The gap between the annual average and the year-end picture matters because it suggests that the run-rate entering 2026 is softer than the annual NOI line alone implies. Beit Avgad is the clearest case. A tenant occupying about 26% of the asset's leasable area vacated in August 2025. The company notes that the revenue contribution from that tenant was below 2% of consolidated revenue, but end-period occupancy in the asset dropped to 67%. At the same time, the asset's value rose to NIS 152 million and it recorded NIS 18.4 million of revaluation gains. That is exactly where paper value and leased cash flow begin to diverge.

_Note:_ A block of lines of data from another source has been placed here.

Lemma mean_le_of_mgf (d : nat) (mu q : R) : 0 < q -> q <= 1 -> mu <= d%:R ->
  (forall l, 0 <= l -> l ^+ 2 <= 1 / 2 -> q * expR (l * mu) <= expR (2 * l ^+ 2 * d%:R)) ->
  mu <= 3 * Num.sqrt d%:R * Num.sqrt (ln (expR 1 / q)).
Proof.
move=> q0 q1 mud mgf; set L := ln (expR 1 / q).
have eL : expR L = expR 1 / q by rewrite lnK // posrE divr_gt0 ?expR_gt0.
have L1 : 1 <= L by rewrite -ler_expR eL ler_pdivlMr // ler_piMr ?expR_ge0.
set u := Num.sqrt d%:R; set v := Num.sqrt L.
have u0 : 0 <= u := sqrtr_ge0 _.
have u2 : u ^+ 2 = d%:R by rewrite sqr_sqrtr.
have v2 : v ^+ 2 = L by rewrite sqr_sqrtr //; lra.
have v0 : 0 < v by rewrite sqrtr_gt0; lra.
have [Ld|dL] := leP L (2 * d%:R); last first.
  (* large [L]: the trivial bound [mu <= d] already suffices *)
  have uv : u <= v by rewrite -(ler_pXn2r (_ : 0 < 2)%N) ?nnegrE ?u2 ?v2 ?(ltW v0) //; lra.
  have := ler_wpM2l u0 uv; have := mulr_ge0 u0 (ltW v0).
  rewrite expr2 in u2; lra.
(* otherwise take [l = sqrt (L / 4 d)] *)
have up : 0 < u by rewrite sqrtr_gt0; lra.
set l := v / (2 * u).
have l0 : 0 <= l by rewrite divr_ge0 ?mulr_ge0 // ltW.
have l2 : l ^+ 2 * (4 * d%:R) = L by rewrite -u2 -v2 /l; field; rewrite gt_eqF.
have d0 : 0 < d%:R :> R by rewrite -u2 exprn_gt0.
have mgfl := mgf l l0 (_ : l ^+ 2 <= 1 / 2).
rewrite (_ : 2 * l ^+ 2 * d%:R = L / 2) in mgfl; last by rewrite -l2; field.
have lmu : l * mu <= 3 / 2 * L.
  rewrite -ler_expR (_ : 3 / 2 * L = L / 2 + L) ?expRD ?eL; last by field.
  rewrite mulrA ler_pdivlMr // mulrC; apply: le_trans (mgfl _) _; first by nra.
  by rewrite ler_peMr ?expR_ge0 //; have := expR_ge1Dx (1 : R); lra.
have lp : 0 < l by rewrite divr_gt0 ?mulr_gt0.
rewrite -(ler_pM2l lp) (_ : l * (3 * u * v) = 3 / 2 * L) // /l -v2.
by field; rewrite gt_eqF.
Qed.

End RealBounds.

Section PathSum.
Variables (R : realType) (n : nat) (s : 'I_n -> bool).
Implicit Types (T : dtree n) (x : cube n).

Definition path_lin T x : R := \sum_(j in queried T x) sgn (s j) * sgn (x j).

Lemma path_lin_le_depth T x : path_lin T x <= (depth T)%:R.
Proof.
apply: le_trans (_ : _ <= \sum_(j in queried T x) 1) _.
  by apply: ler_sum => j _; rewrite /sgn; case: (s j); case: (x j); lra.
by rewrite sumr_const ler_nat card_queried.
Qed.

Lemma path_lin_flip T x i : i \notin queried T x -> path_lin T (flip x i) = path_lin T x.
Proof.
move=> iQ; rewrite /path_lin; have [_ ->] := flip_off_path iQ.
by apply: eq_bigr => j jQ; rewrite flip_neq //; apply: contraNneq iQ => <-.
Qed.

Lemma sum_computed_lin_path T :
  \sum_x computed T x * \sum_j sgn (s j) * sgn (x j) =
  \sum_x computed T x * path_lin T x.
Proof.
pose off j x : R :=
  if j \in queried T x then 0 else computed T x * (sgn (s j) * sgn (x j)).
have off_cancel j : \sum_x off j x = 0.
  apply: (sum_flip_odd j) => x; rewrite /off mem_queried_flip.
  case: ifPn => [_|jQ]; first by rewrite oppr0.
  have [evalE _] := flip_off_path jQ.
  by rewrite /computed evalE flip_eq /sgn; case: (x j); case: (s j); rewrite /=; ring.
have split_off x : computed T x * \sum_j sgn (s j) * sgn (x j) =
                   computed T x * path_lin T x + \sum_j off j x.
  rewrite (bigID (mem (queried T x))) mulrDr /path_lin mulr_sumr; congr (_ + _).
  rewrite [RHS](bigID (mem (queried T x))) /=.
  have -> : \sum_(j in queried T x) off j x = 0 by apply: big1 => j jQ; rewrite /off jQ.
  by rewrite add0r mulr_sumr; apply: eq_bigr => j /negbTE jQ; rewrite /off jQ.
under eq_bigr do rewrite split_off.
rewrite big_split /= exchange_big /=.
by rewrite [X in _ + X]big1 ?addr0.
Qed.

The moat is real, but not deep
The company's own framing is correct. Entry barriers are relatively low, new properties can be built, and a large part of the portfolio is older stock. Against that, Giron does have real advantages: decent locations in a number of assets, in-house management that saves cost, and no single tenant dominating the business.
So the competitive position is moderate. This is not a rare premium portfolio, but neither is it a weak one. The implication is that Giron cannot lean only on "value" or only on a story. It still has to deliver leasing, collections, and refinancing.
Cash Flow, Debt And Capital Structure
This is where Giron's live bottleneck sits. Covenants are not tight, the balance sheet is not weak, but financial room narrowed sharply on an all-in basis.
Cash flow, using an all-in cash flexibility lens
To avoid mixing recurring earning power with actual financial flexibility, the better framework here is all-in cash flexibility, meaning what is left after the period's real cash uses.
In 2025 the company generated NIS 80.1 million from operating activities. That shows the business still throws off cash. But the uses then matter: roughly NIS 40 million of investment in property and fixed assets, NIS 20 million of dividends, and NIS 411.7 million of bond repayments. The gap was bridged by NIS 165 million of new short-term bank borrowing and by a sharp decline in cash balances.
The implication is straightforward: the business is not operating under distress, but the room left after all real uses became much tighter. This is also where the NIS 20 million dividend looks legally fine yet economically less comfortable. The company complied with every distribution restriction. Still, in a year when cash fell sharply and a bank bridge was added, that payout consumed another layer of cushion.
Debt, covenants, and what is actually heavy
Total financial debt at year-end stood at NIS 651.5 million, made up of NIS 486.5 million of bonds and NIS 165 million of short-term bank debt. Against that stood NIS 57.8 million of cash and short-term investments. That is not an immediately threatening leverage level against NIS 1.908 billion of investment property and an unencumbered asset base. But it is a meaningful change in debt composition.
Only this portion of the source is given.